=== WHAT YOU NEED TO DO ===
Somewhere below, one line contains "0 <= c - b * (x + y) + a * x * y." and a later line contains "by move: edge_ge0". Output those two lines and everything between them exactly, and nothing else.

[DATA]

(* Fix real $a$, $b>0$, $c>0$ and a prior $F$ with support $[\alpha,\beta]\subset(0,c)$ and positive variance. Let $x^u(\theta)=k\theta+d$ be the unique symmetric Bayesian Nash equilibrium of the affine relaxation (for $a=0$, $x^u(\theta)=(c-\theta)/(2b)$), and assume it is fully active, i.e. $x^u(\beta)\ge0$. Let $\underline x=x^u(\beta)$, $\overline x=x^u(\alpha)$. If $$\overline x\le\frac1\alpha,\qquad a\le b\alpha,\qquad c\alpha^2-2b\alpha+a\ge0,\qquad \min_{y\in[\underline x,\overline x]}\Bigl(\tfrac12-cy+by^2\Bigr)\ge0,$$ then $x^u$ is a symmetric Bayesian Nash equilibrium of the truncated Bayesian contest.
   Context: Let $P(x,y)=\tfrac12+(x-y)\bigl(c-b(x+y)+axy\bigr)$ and $\bar P=\min\{1,\max\{0,P\}\}$. Types are i.i.d. from $F$. In the affine relaxation, actions are real numbers and a type-$\theta$ player choosing $\tilde x$ against opponent strategy $x(\cdot)$ receives $\int[P(\tilde x,x(\theta'))-\theta\tilde x]\,dF(\theta')$. In the truncated Bayesian contest, actions are efforts in $[0,\infty)$ and the payoff is $\int[\bar P(\tilde x,x(\theta'))-\theta\tilde x]\,dF(\theta')$. *)

From HB Require Import structures.
From mathcomp Require Import all_boot all_order all_algebra.
From mathcomp Require Import all_classical all_reals all_analysis.
Set Implicit Arguments. Unset Strict Implicit. Unset Printing Implicit Defensive.
Import Order.TTheory GRing.Theory Num.Theory.
Import numFieldNormedType.Exports.
Local Open Scope classical_set_scope.
Local Open Scope ring_scope.

Section Contest.
Variable R : realType.

Definition Pwin (a b c x y : R) : R :=
  2^-1 + (x - y) * (c - b * (x + y) + a * x * y).

Definition Pbar (a b c x y : R) : R :=
  Num.min 1 (Num.max 0 (Pwin a b c x y)).

Definition payoff_aff (F : probability R R) (a b c : R) (x : R -> R)
  (theta xt : R) : R :=
  Rintegral F [set: R] (fun t => Pwin a b c xt (x t) - theta * xt).

Definition payoff_trunc (F : probability R R) (a b c : R) (x : R -> R)
  (theta xt : R) : R :=
  Rintegral F [set: R] (fun t => Pbar a b c xt (x t) - theta * xt).

Definition support_is (F : probability R R) (al be : R) : Prop :=
  F `[al, be]%classic = 1%E /\
  forall t, al <= t <= be -> forall e : R, 0 < e -> (0 < F (ball t e))%E.

Definition type_mean (F : probability R R) : R := Rintegral F [set: R] (fun t => t).
Definition type_variance (F : probability R R) : R :=
  Rintegral F [set: R] (fun t => (t - type_mean F) ^+ 2).

Definition sym_BNE_affine (F : probability R R) (al be a b c : R)
  (x : R -> R) : Prop :=
  forall theta, al <= theta <= be ->
    forall xt : R, payoff_aff F a b c x theta xt <= payoff_aff F a b c x theta (x theta).

Definition sym_BNE_trunc (F : probability R R) (al be a b c : R)
  (x : R -> R) : Prop :=
  forall theta, al <= theta <= be ->
    0 <= x theta /\
    forall xt : R, 0 <= xt ->
      payoff_trunc F a b c x theta xt <= payoff_trunc F a b c x theta (x theta).

End Contest.

From mathcomp Require Import all_boot all_order all_algebra.
From mathcomp Require Import all_classical all_reals all_analysis.
From mathcomp Require Import ring lra measurable_realfun.
Import Order.TTheory GRing.Theory Num.Theory.
Import numFieldNormedType.Exports.
Local Open Scope classical_set_scope.
Local Open Scope ring_scope.

(* Against x(t) = k t + d the affine payoff of effort y is G y - theta y and the
   truncated one is H y - theta y, where G and H are the expectations of P and of
   its clamp to [0, 1].  Revealed preference between the types al and be gives
   k <= 0, so all equilibrium efforts lie in [x be, x al], inside [0, 1/al].
   The hypotheses on a make the margin c - b (x + y) + a x y nonnegative and P
   concave in x on [0, 1/al]^2, so P (x, y) >= 0 there as soon as P (0, y) >= 0;
   together with P (x, y) = 1 - P (y, x) this keeps equilibrium win probabilities
   in [0, 1].  Hence H = G at equilibrium efforts and H <= G on [0, 1/al], while
   efforts above 1/al cost more than 1 >= H and lose to effort 0. *)

Lemma continuous_bounded_itv {R : realType} {f : R -> R} (al be : R) :
  continuous f -> exists M, forall t, al <= t <= be -> `|f t| <= M.
Proof.
move=> cf.
have : bounded_set (f @` `[al, be]).
  apply/compact_bounded/continuous_compact; last exact: segment_compact.
  exact: continuous_subspaceT.
move=> [M [_ hM]]; exists (M + 1) => t ht.
by apply: (hM (M + 1)); [rewrite ltrDl | exists t => //=; rewrite in_itv].
Qed.

Section IntegralOverSupport.
Context {R : realType} {F : probability R R} {al be : R}.

Hypothesis F_itv : F `[al, be]%classic = 1%E.

Lemma continuous_integrable_itv (f : R -> R) :
  continuous f -> F.-integrable `[al, be]%classic (EFin \o f).
Proof.
move=> cf; have [M fM] := continuous_bounded_itv al be cf.
apply: (measurable_bounded_integrable (measurable_itv _)).
- by move: F_itv => /= ->; rewrite ltry.
- exact: measurable_funS (continuous_measurable_fun cf).
- exists M; split; first exact: num_real.
  move=> M' MM' t /= tI; apply: le_trans (ltW MM').
  by apply: fM; move: tI; rewrite /= in_itv.
Qed.

Lemma Rintegral_itv (f : R -> R) :
  continuous f -> Rintegral F setT f = Rintegral F `[al, be]%classic f.
Proof.
move=> cf.
have mI : measurable (`[al, be]%classic : set R) by exact: measurable_itv.
have F_out : F (~` `[al, be]%classic) = 0%E.
  by rewrite probability_setC // F_itv subee.
have T_out : setT `\` ~` `[al, be]%classic = (`[al, be]%classic : set R).
  by rewrite setTD setCK.
have fT : F.-integrable setT (EFin \o f).
  rewrite (negligible_integrable _ _ _ F_out) ?T_out //.
  - exact: continuous_integrable_itv.
  - exact: measurableC.
  - by apply/measurable_EFinP; exact: continuous_measurable_fun.
rewrite /Rintegral (negligible_integral _ _ fT F_out) ?T_out //.
exact: measurableC.
Qed.

Lemma Rintegral_subr_cst (f : R -> R) (r : R) : continuous f ->
  Rintegral F setT (fun t => f t - r) = Rintegral F `[al, be]%classic f - r.
Proof.
move=> cf.
have cfr : continuous (fun t => f t - r).
  by move=> t; apply: cvgB; [exact: cf | exact: cvg_cst].
have mI : measurable (`[al, be]%classic : set R) by exact: measurable_itv.
rewrite Rintegral_itv // RintegralB //.
- by rewrite Rintegral_cst //; move: F_itv => /= ->; rewrite mulr1.
- exact: continuous_integrable_itv.
- exact: finite_measure_integrable_cst.
Qed.

Lemma Rintegral_itv_le_cst (f : R -> R) (M : R) : continuous f ->
  (forall t, al <= t <= be -> f t <= M) -> Rintegral F `[al, be]%classic f <= M.
Proof.
move=> cf fM.
have mI : measurable (`[al, be]%classic : set R) by exact: measurable_itv.
have -> : M = Rintegral F `[al, be]%classic (fun=> M).
  by rewrite Rintegral_cst //; move: F_itv => /= ->; rewrite mulr1.
apply: le_Rintegral => //.
- exact: continuous_integrable_itv.
- exact: finite_measure_integrable_cst.
Qed.

End IntegralOverSupport.

Section WinProbability.
Context {R : realType} {a b c : R}.

Lemma PwinC x y : Pwin a b c x y = 1 - Pwin a b c y x.
Proof. by rewrite /Pwin; field. Qed.

Lemma Pwin0x y : Pwin a b c 0 y = 2^-1 - c * y + b * y ^+ 2.
Proof. by rewrite /Pwin; ring. Qed.

Lemma Pbar_le1 x y : Pbar a b c x y <= 1.
Proof. by rewrite /Pbar ge_min lexx. Qed.

Lemma Pbar_id x y : 0 <= Pwin a b c x y <= 1 -> Pbar a b c x y = Pwin a b c x y.
Proof. by move=> /andP[p0 p1]; rewrite /Pbar (max_idPr p0); apply/min_idPr. Qed.

Lemma Pbar_le_Pwin x y : 0 <= Pwin a b c x y -> Pbar a b c x y <= Pwin a b c x y.
Proof. by move=> p0; rewrite /Pbar (max_idPr p0) ge_min lexx orbT. Qed.

Lemma continuous_Pwin x k d : continuous (fun t : R => Pwin a b c x (k * t + d)).
Proof.
move=> t; rewrite /Pwin.
have lin : (fun s : R => k * s + d) @ t --> k * t + d.
  by apply: cvgD; [apply: cvgMr; exact: cvg_id | exact: cvg_cst].
apply: cvgD; first exact: cvg_cst.
apply: cvgM; first by apply: cvgB; [exact: cvg_cst | exact: lin].
apply: cvgD; first apply: cvgB; first exact: cvg_cst.
  by apply: cvgMr; apply: cvgD; [exact: cvg_cst | exact: lin].
by apply: cvgMr; exact: lin.
Qed.

Lemma continuous_Pbar x k d : continuous (fun t : R => Pbar a b c x (k * t + d)).
Proof.
move=> t; rewrite /Pbar.
apply: (@continuous_min _ _ (cst 1) (fun s => Num.max 0 (Pwin a b c x (k * s + d)))).
  exact: cst_continuous.
apply: (@continuous_max _ _ (cst 0)); first exact: cst_continuous.
exact: continuous_Pwin.
Qed.

Context {al : R}.
Hypotheses (b_gt0 : 0 < b) (al_gt0 : 0 < al) (a_le : a <= b * al)
  (corner_ge0 : 0 <= c * al ^+ 2 - 2 * b * al + a).

Let al_mul_le1 x : x <= al^-1 -> al * x <= 1.
Proof. by rewrite -(ler_pM2l al_gt0) mulfV // lt0r_neq0. Qed.

Lemma Pwin_margin_ge0 x y : 0 <= x <= al^-1 -> 0 <= y <= al^-1 ->
  0 <= c - b * (x + y) + a * x * y.
Proof.
move=> /andP[x0 /al_mul_le1 u1] /andP[y0 /al_mul_le1 v1].
set u := al * x in u1 *; set v := al * y in v1 *.
have u0 : 0 <= u by rewrite mulr_ge0 // ltW.
have v0 : 0 <= v by rewrite mulr_ge0 // ltW.
rewrite -subr_ge0 in u1; rewrite -subr_ge0 in v1.
have edge_ge0 : 0 <= c * al ^+ 2 - b * al by move: a_le corner_ge0; lra.
have vertex_ge0 : 0 <= c * al ^+ 2.
  by move: edge_ge0 (mulr_gt0 b_gt0 al_gt0); lra.
(* bilinear in (u, v), so a convex combination of its values at the corners of [0,1]^2 *)
have -> : c - b * (x + y) + a * x * y = al ^-2 *
  ((1 - u) * (1 - v) * (c * al ^+ 2) + (u * (1 - v) + (1 - u) * v) * (c * al ^+ 2 - b * al)
  + u * v * (c * al ^+ 2 - 2 * b * al + a)).
  by rewrite /u /v; field; rewrite lt0r_neq0.
apply: mulr_ge0; first by rewrite invr_ge0 exprn_ge0 // ltW.
apply: addr_ge0; first apply: addr_ge0.
- exact: mulr_ge0 (mulr_ge0 u1 v1) vertex_ge0.
- exact: mulr_ge0 (addr_ge0 (mulr_ge0 u0 v1) (mulr_ge0 u1 v0)) edge_ge0.
- exact: mulr_ge0 (mulr_ge0 u0 v0) corner_ge0.
Qed.

(* Pwin is concave in x (its x^2 coefficient is a y - b <= 0), so it stays
   nonnegative between x = 0 and x = 1/al. *)
Lemma Pwin_ge0 x y : 0 <= x <= al^-1 -> 0 <= y <= al^-1 ->
  0 <= Pwin a b c 0 y -> 0 <= Pwin a b c x y.
Proof.
move=> /andP[x0 xZ] yr Pwin0y; have /andP[y0 yZ] := yr.
set Z := al^-1 in xZ yZ yr *.
have Z_gt0 : 0 < Z by rewrite invr_gt0.
have Z_ge0 := ltW Z_gt0.
have PwinZy : 0 <= Pwin a b c Z y.
  have Zr : 0 <= Z <= Z by rewrite lexx Z_ge0.
  rewrite /Pwin addr_ge0 ?invr_ge0 // mulr_ge0 ?subr_ge0 //.
  exact: Pwin_margin_ge0.
have concave : 0 <= b - a * y.
  have -> : b - a * y = (b * al - a) * y + b * (1 - al * y) by ring.
  by rewrite addr_ge0 // mulr_ge0 // ?subr_ge0 ?al_mul_le1 // ltW.
have -> : Pwin a b c x y = Z^-1 * ((Z - x) * Pwin a b c 0 y + x * Pwin a b c Z y
   + Z * (b - a * y) * x * (Z - x)).
  by rewrite /Pwin; field; rewrite lt0r_neq0.
apply: mulr_ge0; first by rewrite invr_ge0.
apply: addr_ge0; first apply: addr_ge0.
- by rewrite mulr_ge0 // subr_ge0.
- exact: mulr_ge0.
- by rewrite !mulr_ge0 // subr_ge0.
Qed.

Lemma Pbar_eq_Pwin x y :
  0 <= x <= al^-1 -> 0 <= Pwin a b c 0 x ->
  0 <= y <= al^-1 -> 0 <= Pwin a b c 0 y ->
  Pbar a b c x y = Pwin a b c x y.
Proof.
move=> xr Pwin0x yr Pwin0y; apply: Pbar_id.
by rewrite Pwin_ge0 //= PwinC lerBlDr lerDl Pwin_ge0.
Qed.

End WinProbability.

Lemma best_response_antitone (R : realType) (G s : R -> R) (th1 th2 : R) :
  (forall y, G y - th1 * y <= G (s th1) - th1 * s th1) ->
  (forall y, G y - th2 * y <= G (s th2) - th2 * s th2) ->
  0 <= (th2 - th1) * (s th1 - s th2).
Proof. by move=> /(_ (s th2)) br1 /(_ (s th1)) br2; nra. Qed.

Lemma affine_antitone_itv (R : realType) (k d al be t : R) :
  0 <= (be - al) * ((k * al + d) - (k * be + d)) -> al <= t <= be ->
  k * be + d <= k * t + d <= k * al + d.
Proof.
move=> mono /andP[al_t t_be].
have [al_be | al_ne_be] := eqVneq al be.
  have -> : t = be by apply/eqP; rewrite eq_le t_be -al_be al_t.
  by rewrite -al_be lexx.
have k_le0 : k <= 0.
  have be_al : 0 < (be - al) ^+ 2.
    by rewrite exprn_gt0 // subr_gt0 lt_neqAle al_ne_be (le_trans al_t).
  have : k * (be - al) ^+ 2 <= 0 by move: mono; nra.
  by rewrite pmulr_lle0.
by apply/andP; split; nra.
Qed.

Section Equilibrium.
Context {R : realType} {F : probability R R} {a b c k d al be : R}.
Hypothesis F_itv : F `[al, be]%classic = 1%E.

Local Notation xu := (fun t : R => k * t + d).
Let G y := Rintegral F `[al, be]%classic (fun t => Pwin a b c y (xu t)).
Let H y := Rintegral F `[al, be]%classic (fun t => Pbar a b c y (xu t)).

Lemma payoff_aff_expected_win th y : payoff_aff F a b c xu th y = G y - th * y.
Proof. exact/Rintegral_subr_cst/continuous_Pwin. Qed.

Lemma payoff_trunc_expected_win th y : payoff_trunc F a b c xu th y = H y - th * y.
Proof. exact/Rintegral_subr_cst/continuous_Pbar. Qed.

Lemma sym_BNE_affine_between : sym_BNE_affine F al be a b c xu ->
  forall t, al <= t <= be -> k * be + d <= k * t + d <= k * al + d.
Proof.
move=> BNE t t_in.
have al_be : al <= be by case/andP: t_in; exact: le_trans.
apply: affine_antitone_itv t_in.
by apply: (@best_response_antitone _ G xu) => y;
  rewrite -!payoff_aff_expected_win; apply: BNE; rewrite lexx al_be.
Qed.

Hypotheses (b_gt0 : 0 < b) (al_gt0 : 0 < al) (a_le : a <= b * al)
  (corner_ge0 : 0 <= c * al ^+ 2 - 2 * b * al + a).
Hypothesis xu_range : forall t, al <= t <= be -> 0 <= xu t <= al^-1.
Hypothesis Pwin0_xu_ge0 : forall t, al <= t <= be -> 0 <= Pwin a b c 0 (xu t).

Lemma expected_win_trunc_eq th : al <= th <= be -> H (xu th) = G (xu th).
Proof.
move=> th_in; apply: eq_Rintegral => t /set_mem; rewrite /= in_itv /= => t_in.
by apply: (Pbar_eq_Pwin b_gt0 al_gt0 a_le corner_ge0); rewrite ?xu_range ?Pwin0_xu_ge0.
Qed.

Lemma expected_win_trunc_le y : 0 <= y <= al^-1 -> H y <= G y.
Proof.
move=> y_in; apply: le_Rintegral; [exact: measurable_itv| | |].
- exact/continuous_integrable_itv/continuous_Pbar.
- exact/continuous_integrable_itv/continuous_Pwin.
- move=> t; rewrite /= in_itv /= => t_in.
  apply/Pbar_le_Pwin/(Pwin_ge0 b_gt0 al_gt0 a_le corner_ge0) => //.
  + exact: xu_range.
  + exact: Pwin0_xu_ge0.
Qed.

Lemma expected_win_trunc_le1 y : H y <= 1.
Proof.
by apply: Rintegral_itv_le_cst => // [|t _]; [exact: continuous_Pbar | exact: Pbar_le1].
Qed.

Lemma expected_win0_ge0 : 0 <= G 0.
Proof. by apply: Rintegral_ge0 => t; rewrite /= in_itv /=; exact: Pwin0_xu_ge0. Qed.

Lemma sym_BNE_trunc_of_affine :
  sym_BNE_affine F al be a b c xu -> sym_BNE_trunc F al be a b c xu.
Proof.
move=> BNE th th_in; split; first by case/andP: (xu_range _ th_in).
move=> y y_ge0; have br := BNE th th_in.
rewrite !payoff_trunc_expected_win expected_win_trunc_eq //.
have [y_le | y_gt] := leP y al^-1.
  have := br y; rewrite !payoff_aff_expected_win.
  have y_in : 0 <= y <= al^-1 by rewrite y_ge0 y_le.
  by have := expected_win_trunc_le _ y_in; lra.
(* above 1/al the cost exceeds 1 >= H y, so effort 0 does better *)
have th_y : 1 < th * y.
  have al_th : al <= th by case/andP: th_in.
  apply: lt_le_trans (ler_wpM2r y_ge0 al_th).
  by rewrite -(mulfV (lt0r_neq0 al_gt0)) ltr_pM2l.
have := br 0; rewrite !payoff_aff_expected_win.
by have := expected_win_trunc_le1 y; have := expected_win0_ge0; lra.
Qed.

End Equilibrium.

Theorem proposition10 (R : realType) (a b c : R) (F : probability R R)
  (al be k d : R) :
  0 < b -> 0 < c ->
  0 < al -> al <= be -> be < c ->
  support_is F al be ->
  0 < type_variance F ->
  (* x^u(theta) = k theta + d is the (unique) symmetric BNE of the affine relaxation *)
  sym_BNE_affine F al be a b c (fun t => k * t + d) ->
  (* fully active *)
  0 <= k * be + d ->
  let xlo := k * be + d in
  let xhi := k * al + d in
  xhi <= al^-1 ->
  a <= b * al ->
  0 <= c * al ^+ 2 - 2 * b * al + a ->
  (forall y, xlo <= y <= xhi -> 0 <= 2^-1 - c * y + b * y ^+ 2) ->
  sym_BNE_trunc F al be a b c (fun t => k * t + d).
Proof.
move=> b_gt0 _ al_gt0 _ _ [F_itv _] _ BNE xlo_ge0 xlo xhi xhi_le a_le corner_ge0 quad_ge0.
have between := sym_BNE_affine_between F_itv BNE.
apply: sym_BNE_trunc_of_affine BNE => // t t_in; have /andP[lo hi] := between t t_in.
- by rewrite (le_trans xlo_ge0 lo) (le_trans hi xhi_le).
- by rewrite Pwin0x quad_ge0 // lo hi.
Qed.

[/DATA]

=== REPLY ===
  0 <= c - b * (x + y) + a * x * y.
Proof.
move=> /andP[x0 /al_mul_le1 u1] /andP[y0 /al_mul_le1 v1].
set u := al * x in u1 *; set v := al * y in v1 *.
have u0 : 0 <= u by rewrite mulr_ge0 // ltW.
have v0 : 0 <= v by rewrite mulr_ge0 // ltW.
rewrite -subr_ge0 in u1; rewrite -subr_ge0 in v1.
have edge_ge0 : 0 <= c * al ^+ 2 - b * al by move: a_le corner_ge0; lra.
have vertex_ge0 : 0 <= c * al ^+ 2.
  by move: edge_ge0 (mulr_gt0 b_gt0 al_gt0); lra.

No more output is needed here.